(* Let $G$ be a loopless multigraph, let $k \geq 1$, and let $M$ be a maximal $k$-edge-colorable subgraph of $G$ (maximal with respect to inclusion of edge sets). For every $v \in V(G)$ with $d_M(v) < k$, \[ d^{F}(v) \leq d_M(v) - \sum_{w \in U_k(v)}\bigl(k - d_M(w) - \mu_G(v,w)\bigr). \]
   Context: For vertices $v,w$ of a multigraph $G$, $\mu_G(v,w)$ is the number of edges joining $v$ and $w$; for a subgraph $M$, $\mu_M(v,w)$ is the number of $M$-edges joining them and $d_M(v)$ is the number of $M$-edges incident to $v$. $N(v)=N_G(v)$ is the set of neighbors of $v$ in $G$. A proper $k$-edge-coloring assigns colors from $\{1,\dots,k\}$ so that distinct edges sharing an endpoint get distinct colors. For each $v\in V(G)$ define $F_k(v) = \{w \in N(v) : d_M(w) \leq k - \mu_G(v,w)\}$, $U_k(v) = \{w \in F_k(v) : \mu_M(v,w) < \mu_G(v,w)\}$, and $d^{F}(v) = \sum_{w\in F_k(v)} \mu_G(v,w)$. *)

From HB Require Import structures.
From mathcomp Require Import all_boot all_order all_algebra.
Set Implicit Arguments. Unset Strict Implicit. Unset Printing Implicit Defensive.

(* A multigraph G with finite vertex type V and finite edge type E;
   edge e joins src e and tgt e.  Loopless: src e != tgt e. *)
Section Multigraph.
Variables (V E : finType) (src tgt : E -> V).

Definition loopless := forall e : E, src e != tgt e.

Definition joins (e : E) (v w : V) : bool :=
  ((src e == v) && (tgt e == w)) || ((src e == w) && (tgt e == v)).

Definition incident (e : E) (v : V) : bool := (src e == v) || (tgt e == v).

Definition muG (v w : V) : nat := #|[set e : E | joins e v w]|.
(* mu_M(v,w), M a (spanning) subgraph given by its edge set *)
Definition muM (M : {set E}) (v w : V) : nat := #|[set e in M | joins e v w]|.
Definition degM (M : {set E}) (v : V) : nat := #|[set e in M | incident e v]|.
Definition nbhd (v : V) : {set V} := [set w | (0 < muG v w)%N].
Lemma acts_on_pauli_conj M phi (c : algC) v : M \in unitmx -> acts_on_pauli M phi ->
  exists lam : algC, M * (c *: pauliv v) * invmx M = lam *: pauliv (phi v).
Proof.
move=> unitM actM; have [lam lamP] := actM v; exists (c * lam).
rewrite -!mulmxE in lamP *.
by rewrite -scalemxAr lamP -(scalemxAl c) mulmxK // scalerA.
Qed.

Lemma Sq_acts i : acts_on_pauli (Sq d i) (symS i).
Proof.
case=> a b; exists (omegaZ (b i * (b i + 1) / 2%:R - b i * b i)).
rewrite /pauliv Sq_monomx // !pauli_monomx // scale_monomx !monomxM.
apply: eq_monomx => x //=; rewrite !ffunE -!omegaZD //; congr omegaZ.
have -> : \sum_l (if l == i then a l + b l else a l) * (x l + b l) =
    \sum_l a l * (x l + b l) + b i * (x i + b i).
  rewrite (bigD1 i) //= [in RHS](bigD1 i) //= eqxx.
  rewrite -addrA [_ + b i * _]addrC addrA mulrDl.
  by congr (_ + _); apply: eq_bigr => l /negbTE ->.
by rewrite half_triangleD ?unit_Zp2 //; ring.
Qed.

Lemma CXq_acts i k : i != k -> acts_on_pauli (CXq d i k) (symCX i k).
Proof.
move=> i_neq_k [a b]; exists 1.
rewrite /pauliv CXq_monomx !pauli_monomx // scale_monomx !monomxM.
apply: eq_monomx => x /=.
  by apply/ffunP => l; rewrite !(updE, ffunE); case: eqP => _ //; ring.
rewrite !mul1r mulr1; congr omegaZ.
have k_neq_i : k != i by rewrite eq_sym.
rewrite (bigD1 i) // (bigD1 k) //= [in RHS](bigD1 i) // [in RHS](bigD1 k) //=.
rewrite !updE !eqxx (negbTE i_neq_k) (negbTE k_neq_i).
rewrite [in RHS](eq_bigr (fun l => a l * (x l + b l))); first by ring.
by move=> l /andP[/negbTE-> /negbTE l_neq_k]; rewrite updE !l_neq_k.
Qed.

Definition realizable (phi : pexp n d -> pexp n d) := exists s : seq (gate n),
  circuit_mx d s \in unitmx /\ acts_on_pauli (circuit_mx d s) phi.

Lemma realizable_id : realizable id.
Proof.
exists [::]; rewrite /circuit_mx big_nil.
by split; [exact: unitmx1 | exact: acts_on_pauli1].
Qed.

Lemma realizable_comp phi psi :
  realizable phi -> realizable psi -> realizable (phi \o psi).
Proof.
move=> [s [unit_s act_s]] [t [unit_t act_t]]; exists (s ++ t).
rewrite /circuit_mx big_cat /= -/(circuit_mx d s) -/(circuit_mx d t).
by split; [rewrite -mulmxE unitmx_mul unit_s | exact: acts_on_pauliM].
Qed.

Lemma realizable_iter phi t : realizable phi -> realizable (iter t phi).
Proof.
move=> real_phi; elim: t => [|t IHt]; first exact: realizable_id.
exact: realizable_comp.
Qed.

Lemma realizable_gate (g : gate n) phi : gate_mx d g \in unitmx ->
  acts_on_pauli (gate_mx d g) phi -> realizable phi.
Proof. by exists [:: g]; rewrite /circuit_mx big_seq1. Qed.

Lemma realizable_symS i : realizable (symS i).
Proof.
apply: (@realizable_gate (GS i)); last exact: Sq_acts.
by rewrite /= Sq_monomx // (@monomx_unit _ _ _ id) // => x; exact: omegaZ_neq0.
Qed.

Lemma realizable_symCX i k : i != k -> realizable (symCX i k).
Proof.
move=> i_neq_k; apply: (@realizable_gate (GCX i_neq_k)); last exact: CXq_acts.
rewrite /= CXq_monomx.
apply: (@monomx_unit _ _ _ (fun x => upd x k (x k - x i))) => [x|x|_];
  last exact: oner_neq0.
all: apply/ffunP => l; rewrite !updE eqxx (negbTE i_neq_k).
all: by case: eqP => [->|]; rewrite ?eqxx //; ring.
Qed.

End PauliConjugation.

Lemma realizable_symp_at_one n d (d_prime : prime d) (d_odd : odd d)
    (v u : pexp n d) :
  \sum_i symp_at v u i = 1 ->
  exists2 phi : pexp n d -> pexp n d,
    realizable phi & exists j, symp_at (phi v) (phi u) j = 1.
Proof.
move=> sum1.
have by_cross (psi : pexp n d -> pexp n d) j k : realizable psi -> j != k ->
    symp_cross (psi v) (psi u) j k != 0 ->
    exists2 phi : pexp n d -> pexp n d,
      realizable phi & exists j, symp_at (phi v) (phi u) j = 1.
  move=> real_psi j_neq_k cross_neq0; have k_neq_j : k != j by rewrite eq_sym.
  have [t one_t] := symp_at_one_by_symCX d_prime k_neq_j cross_neq0.
  exists (iter t (symCX k j) \o psi); last by exists j.
  apply: realizable_comp real_psi; apply: realizable_iter.
  exact (realizable_symCX (prime_gt1 d_prime) k_neq_j).
pose cross_at (psi : 'I_n -> pexp n d -> pexp n d) (jk : 'I_n * 'I_n) :=
  (jk.1 != jk.2) && (symp_cross (psi jk.1 v) (psi jk.1 u) jk.1 jk.2 != 0).
have [[j k] /andP[/= j_neq_k]|cross0] := pickP (cross_at (fun=> id)).
  exact: by_cross (realizable_id n d) j_neq_k.
have [[j k] /andP[/= j_neq_k]|crossS0] := pickP (cross_at (@symS n d)).
  exact: by_cross (realizable_symS (prime_gt1 d_prime) d_odd j) j_neq_k.
exists id; first exact: realizable_id.
apply: sum_pairwise_mul0 => //; apply: symp_at_pairwise_mul0 => j k j_neq_k.
  by apply/eqP; have := cross0 (j, k); rewrite /cross_at /= j_neq_k => /negbFE.
by apply/eqP; have := crossS0 (j, k); rewrite /cross_at /= j_neq_k => /negbFE.
Qed.

Theorem lemma8 (d n : nat) (Hd : prime d) (Hodd : odd d) (Hn : (0 < n)%N)
  (k l : nat) (a b c e : 'I_n -> 'Z_d) :
  \sum_(i < n) (a i * e i - b i * c i) = 1 ->
  let P := omega d ^+ k *: pauli a b in
  let Q := omega d ^+ l *: pauli c e in
  exists (s : seq (gate n)) (a' b' c' e' : 'I_n -> 'Z_d) (lam mu : algC),
    let M := circuit_mx d s in
    [/\ M * P * invmx M = lam *: pauli a' b',
        M * Q * invmx M = mu *: pauli c' e' &
        exists j : 'I_n, a' j * e' j - b' j * c' j = 1].
Proof.
move=> sum1 P Q.
have [phi [s [unit_M act_M]] [j phi_j]] :=
  realizable_symp_at_one Hd Hodd (v := (a, b)) (u := (c, e)) sum1.
have [lam conjP] := acts_on_pauli_conj (omega d ^+ k) (a, b) unit_M act_M.
have [mu conjQ] := acts_on_pauli_conj (omega d ^+ l) (c, e) unit_M act_M.
exists s, (phi (a, b)).1, (phi (a, b)).2, (phi (c, e)).1, (phi (c, e)).2, lam, mu.
by split=> //; exists j.
Qed.
(* Let $t_1,x_1,t_2,x_2,b$ satisfy $0<t_1<t_2$, $\frac{x_1}{t_1}>\frac{x_2}{t_2}$, $0\le b\le\frac{(x_2-x_1)^2}{t_2-t_1}+\frac{x_1^2}{t_1}-\frac{x_2^2}{t_2}$. Let $(F,\rho)$ be a feasible pair minimizing $I_2$, with $F$ concave, $F'(t)\le\frac{F(t)}{t}$ on $[t_1,t_2]$, and $\rho$ nonincreasing, and let $g=g(F,\rho,b)$. If $g=0$ on an interval $[s_1,s_2]\subset[t_1,t_2]$, then $F'$ and $\rho$ are absolutely continuous on $[s_1,s_2]$.
   Context: A pair $(F,\rho)$ is feasible if $F:[t_1,t_2]\to\mathbb R$ is absolutely continuous with $F(t_1)=x_1$, $F(t_2)=x_2$, $\rho:[t_1,t_2]\to[0,\infty)$ is Lebesgue measurable, and $g(F,\rho,b)(t):=b-\frac{F(t_1)^2}{t_1}+\int_{t_1}^t(\rho(\tau)-F'(\tau)^2)d\tau+\frac{F(t)^2}{t}\ge0$ for all $t\in[t_1,t_2]$. $I_2(F,\rho)=\frac43\int_{t_1}^{t_2}\rho^{3/2}dt$. *)

From HB Require Import structures.
From mathcomp Require Import all_boot all_order all_algebra.
From mathcomp Require Import all_classical all_reals all_analysis.
Set Implicit Arguments. Unset Strict Implicit. Unset Printing Implicit Defensive.
Import Order.TTheory GRing.Theory Num.Theory.
Import numFieldNormedType.Exports.
Local Open Scope classical_set_scope.
Local Open Scope ring_scope.

Section Defs.
Variable R : realType.

Definition abs_continuous (a b : R) (f : R -> R) : Prop :=
  forall e : R, 0 < e -> exists2 d : R, 0 < d &
    forall (n : nat) (u v : 'I_n -> R),
      (forall i, a <= u i /\ u i <= v i /\ v i <= b) ->
      (forall i j, i != j -> v i <= u j \/ v j <= u i) ->
      \sum_(i < n) (v i - u i) < d ->
      \sum_(i < n) `|f (v i) - f (u i)| < e.

Definition concave_on (a b : R) (f : R -> R) : Prop :=
  forall x y l : R, a <= x <= b -> a <= y <= b -> 0 <= l <= 1 ->
    l * f x + (1 - l) * f y <= f (l * x + (1 - l) * y).

(* F' : the (a.e. defined) derivative, taken as mathcomp's derive1 *)
Definition gfun (t1 : R) (F rho : R -> R) (b : R) (t : R) : R :=
  b - F t1 ^+ 2 / t1
    + Rintegral (@lebesgue_measure R) `[t1, t]%classic
        (fun s => rho s - (derive1 F s) ^+ 2)
    + F t ^+ 2 / t.

(* feasible pairs; the integral in g is required to make sense, which we
   encode by Lebesgue integrability of rho and F'^2 on [t1, t2] *)
Definition feasible (t1 x1 t2 x2 b : R) (F rho : R -> R) : Prop :=
  abs_continuous t1 t2 F /\ F t1 = x1 /\ F t2 = x2 /\
      measurable_fun `[t1, t2]%classic rho /\
      (forall t, t1 <= t <= t2 -> 0 <= rho t) /\
      (@lebesgue_measure R).-integrable `[t1, t2]%classic (fun s => (rho s)%:E) /\
      (@lebesgue_measure R).-integrable `[t1, t2]%classic
        (fun s => ((derive1 F s) ^+ 2)%:E) /\
      (forall t, t1 <= t <= t2 -> 0 <= gfun t1 F rho b t).

Definition I2 (t1 t2 : R) (rho : R -> R) : \bar R :=
  (4 / 3)%:E * \int[(@lebesgue_measure R)]_(s in `[t1, t2]%classic)
                 ((rho s) `^ (3 / 2))%:E.

End Defs.

From HB Require Import structures.
From mathcomp Require Import all_boot all_order all_algebra.
From mathcomp Require Import all_classical all_reals all_analysis.
From mathcomp Require Import ring lra.
Set Implicit Arguments. Unset Strict Implicit. Unset Printing Implicit Defensive.
Import Order.TTheory GRing.Theory Num.Theory.
Import numFieldNormedType.Exports.
Local Open Scope classical_set_scope.
Local Open Scope ring_scope.

(* Write phi t = F t / t.  Where g vanishes, F t ^ 2 = - t (c + \int_t1^t (rho - F'^2)) with a
   constant c; differentiating at Lebesgue points gives rho = (F' - phi)^2 almost everywhere,
   that is F' = phi - sqrt rho since F' <= phi.  (Derivability of F^2 says nothing about F at a
   zero of F, but a concave function vanishing at three points vanishes between them, so at
   most two zeros of F are points of non-differentiability.)  Concavity makes F' nonincreasing
   and sqrt rho is nonincreasing, so phi = F' + sqrt rho is a sum of two nonincreasing
   functions; the increments of each are dominated by those of phi, which is absolutely
   continuous as the quotient of F by t >= s1 > 0. *)

Section absolute_continuity.
Variable R : realType.
Implicit Types (a b : R) (f g : R -> R).

Lemma abs_continuous_subitv a b c d f : a <= c -> d <= b ->
  abs_continuous a b f -> abs_continuous c d f.
Proof.
move=> ac db acf e e0; have [del del0 hdel] := acf e e0.
exists del => // n u v uv; apply: hdel => i.
by have [cu [uvi vd]] := uv i; split; [exact: le_trans cu|split=> //; exact: le_trans db].
Qed.

Lemma abs_continuous_dominated a b f g (C1 C2 : R) : 0 <= C1 -> 0 <= C2 ->
  abs_continuous a b f ->
  (forall u v, a <= u -> u <= v -> v <= b ->
     `|g v - g u| <= C1 * `|f v - f u| + C2 * (v - u)) ->
  abs_continuous a b g.
Proof.
move=> C10 C20 acf dom e e0.
have e1 : 0 < e / 2 / (C1 + 1) by rewrite !divr_gt0 // ltr_wpDl.
have [d d0 hd] := acf _ e1.
exists (Num.min d (e / 2 / (C2 + 1))); first by rewrite lt_min d0 !divr_gt0 // ltr_wpDl.
move=> n u v uv disj; rewrite lt_min => /andP[sd sd2].
have := hd n u v uv disj sd.
set A := \sum_(i < n) _; set L := \sum_(i < n) _ in sd sd2 * => sA.
have A0 : 0 <= A by rewrite sumr_ge0.
have L0 : 0 <= L by rewrite sumr_ge0 // => i _; have [_ [? _]] := uv i; rewrite subr_ge0.
have gA : \sum_(i < n) `|g (v i) - g (u i)| <= C1 * A + C2 * L.
  rewrite !mulr_sumr -big_split /=; apply: ler_sum => i _.
  by have [? [? ?]] := uv i; apply: dom.
apply: (le_lt_trans gA); rewrite [e]splitr; apply: ler_ltD.
- rewrite (le_trans (y := (C1 + 1) * A)) ?ler_wpM2r ?lerDl //.
  by rewrite -ler_pdivlMl ?ltr_wpDl // mulrC ltW.
- rewrite (le_lt_trans (y := (C2 + 1) * L)) ?ler_wpM2r ?lerDl //.
  by rewrite -ltr_pdivlMl ?ltr_wpDl // mulrC.
Qed.

Lemma abs_continuous_uniform a b f e : 0 < e -> abs_continuous a b f ->
  exists2 d, 0 < d & forall x y, a <= x <= b -> a <= y <= b ->
    `|x - y| < d -> `|f x - f y| < e.
Proof.
move=> e0 acf; have [d d0 hd] := acf e e0; exists d => // x y xab yab xyd.
wlog xy : x y xab yab xyd / x <= y.
  move=> W; have [/W|/ltW yx] := leP x y; first exact.
  by rewrite distrC; apply: W => //; rewrite distrC.
have := hd 1%N (fun _ => x) (fun _ => y); rewrite !big_ord1 distrC; apply.
- by move=> _; case/andP: xab => -> _; case/andP: yab => _ ->.
- by move=> i j; rewrite !ord1.
- by rewrite distrC ger0_norm ?subr_ge0 in xyd.
Qed.

Lemma abs_continuous_continuous a b f x : abs_continuous a b f -> a < x < b ->
  {for x, continuous f}.
Proof.
move=> acf xab; apply/cvgrPdist_lt => e e0.
have [d d0 hd] := abs_continuous_uniform e0 acf.
have xin : x \in `]a, b[ by rewrite in_itv.
near=> y; have /[!in_itv] /andP[ay yb] : y \in `]a, b[ by near: y; exact: near_in_itvoo.
by case/andP: xab => ax xb; apply: hd; rewrite ?ltW.
Unshelve. all: by end_near.
Qed.

Lemma abs_continuous_bounded a b f : abs_continuous a b f ->
  exists2 M, 0 <= M & forall t, a <= t <= b -> `|f t| <= M.
Proof.
move=> acf; have [d d0 hd] := abs_continuous_uniform ltr01 acf.
have step n : forall t, a <= t <= b -> t <= a + n%:R * (d / 2) -> `|f t| <= `|f a| + n%:R.
  elim: n => [t /andP[le_at _]|n IH t tab tn].
    by rewrite mul0r addr0 addr0 => ta; rewrite (@le_anti _ _ t a) ?le_at ?ta.
  have [tn'|tn'] := leP t (a + n%:R * (d / 2)).
    by rewrite (le_trans (IH t tab tn')) // lerD2l ler_nat.
  have /andP[le_at tb] := tab; rewrite -natr1 mulrDl mul1r in tn.
  have d20 : 0 < d / 2 by rewrite divr_gt0.
  set s := Num.max a (t - d / 2).
  have [as_ ts_] : a <= s /\ t - d / 2 <= s by rewrite !le_max !lexx orbT.
  have s_eq : s = a \/ s = t - d / 2 by rewrite /s; case: leP; [right|left].
  have sab : a <= s <= b by apply/andP; split; case: s_eq; lra.
  have n0 : 0 <= n%:R * (d / 2) by rewrite mulr_ge0 // ltW.
  have sn : s <= a + n%:R * (d / 2) by case: s_eq; lra.
  have ts : `|t - s| < d by rewrite ger0_norm; case: s_eq; lra.
  have := hd t s tab sab ts.
  have := IH s sab sn; have := lerB_dist (f t) (f s); rewrite -natr1; lra.
have [N bN] : exists N : nat, b <= a + N%:R * (d / 2).
  exists (Num.trunc ((b - a) / (d / 2))).+1.
  by rewrite -lerBlDl -ler_pdivrMr ?divr_gt0 // ltW // truncnS_gt.
exists (`|f a| + N%:R); first by rewrite addr_ge0.
move=> t tab; apply: (step N t tab); case/andP: tab => _ tb; exact: le_trans bN.
Qed.
(* Let $p\in[0,1]$ and let $\{G_n\}$ be a sequence of graphs with a converging giant (with respect to $\mu$ and $p$), $G_n$ having $n$ vertices, and let $v$ be a uniformly random vertex. If $\zeta(p)>0$ then $\lim_{k\to\infty}\limsup_{n\to\infty}\mathbb P(v\notin C_1,\ |C(v)|\ge k)=0$; if $\zeta(p)=0$ then $\lim_{k\to\infty}\limsup_{n\to\infty}\mathbb P(|C(v)|\ge k)=0$. Moreover, for two independent uniformly random vertices $u,v$, $\lim_{k\to\infty}\limsup_{n\to\infty}\mathbb P\big(|C(u)|\ge k,\ |C(v)|\ge k,\ C(u)\ne C(v)\big)=0$. Probabilities are over the graph, percolation and the choice of vertices.
   Context: $\mathcal G_*$: rooted connected locally finite graphs up to root-preserving isomorphism; $\{G_n\}$ converges in probability in the local weak sense to $\mu$ on $\mathcal G_*$ if $\frac1{|V(G_n)|}\sum_vf(G_n,v)\to\int f\,d\mu$ in probability for every bounded $f$ depending only on a bounded-radius ball around the root. $G(p)$ is bond percolation with retention probability $p$, $C(v)$ is the component of $v$ in $G_n(p)$, $C_1$ the largest component of $G_n(p)$, and $\zeta(p)=\int\mathbb P_{G(p)}(|C(o)|=\infty)\,d\mu$. A sequence $\{G_n\}$ of (possibly random) graphs converging in probability in the local weak sense to $\mu$ has a converging giant if $|C_1|/n\to\zeta(p)$ in probability. *)

From HB Require Import structures.
From mathcomp Require Import all_boot all_order all_algebra.
From mathcomp Require Import all_classical all_reals all_analysis.
Set Implicit Arguments. Unset Strict Implicit. Unset Printing Implicit Defensive.
Import Order.TTheory GRing.Theory Num.Theory.
Import numFieldNormedType.Exports.
Local Open Scope classical_set_scope.
Local Open Scope ring_scope.

Definition fin_graph (n : nat) := {set 'I_n * 'I_n}.

Definition simple_graph n (G : fin_graph n) : bool :=
  [forall x, forall y, ((x, y) \in G) == ((y, x) \in G)] &&
  [forall x, (x, x) \notin G].

(* Bond percolation with retention probability p on a simple graph G:  *)
(* a configuration is the set w of retained edges, each undirected      *)
(* edge being represented by its pair (x,y) with x < y. The weight is   *)
Definition perc_weight (R : numDomainType) (p : R) n (G w : fin_graph n) : R :=
  if w \subset [set e in G | (e.1 < e.2)%N]%SET then
    \prod_(e in G | (e.1 < e.2)%N) (if e \in w then p else 1 - p)
  else 0.

Definition open_rel n (w : fin_graph n) : rel 'I_n :=
  fun x y => ((x, y) \in w) || ((y, x) \in w).

Definition perc_cluster n (w : fin_graph n) (v : 'I_n) : {set 'I_n} :=
  [set y | connect (open_rel w) v y]%SET.

Definition max_cluster_size n (w : fin_graph n) : nat :=
  \max_(v : 'I_n) #|perc_cluster w v|.

(* membership in C_1, the largest component (ties broken by choosing   *)
(* a canonical vertex with [pick]).                                     *)
Definition in_giant n (w : fin_graph n) (v : 'I_n) : bool :=
  if [pick u | #|perc_cluster w u| == max_cluster_size w] is Some u
  then v \in perc_cluster w u else false.

Definition giant_size n (w : fin_graph n) : nat := #|[set v | in_giant w v]%SET|.

(* Probabilities on the finite side: a (possibly random) graph G_n on  *)
(* n vertices with law P n, then percolation, then uniform vertices.   *)
Definition ProbGraph (R : numFieldType) (P : forall n, fin_graph n -> R) n
  (E : fin_graph n -> bool) : R :=
  \sum_(G : fin_graph n) P n G * (E G)%:R.

Definition Eperc (R : numFieldType) (P : forall n, fin_graph n -> R) (p : R) n
  (F : fin_graph n -> fin_graph n -> R) : R :=
  \sum_(G : fin_graph n) \sum_(w : fin_graph n) P n G * perc_weight p G w * F G w.

Definition ProbPerc (R : numFieldType) (P : forall n, fin_graph n -> R) (p : R) n
  (E : fin_graph n -> fin_graph n -> bool) : R :=
  Eperc P p (fun G w => (E G w)%:R).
•••
◆ What this task involves: Each line of the data that includes "Eperc" should be copied.

◆ Your response:
Definition Eperc (R : numFieldType) (P : forall n, fin_graph n -> R) (p : R) n
  Eperc P p (fun G w => (E G w)%:R).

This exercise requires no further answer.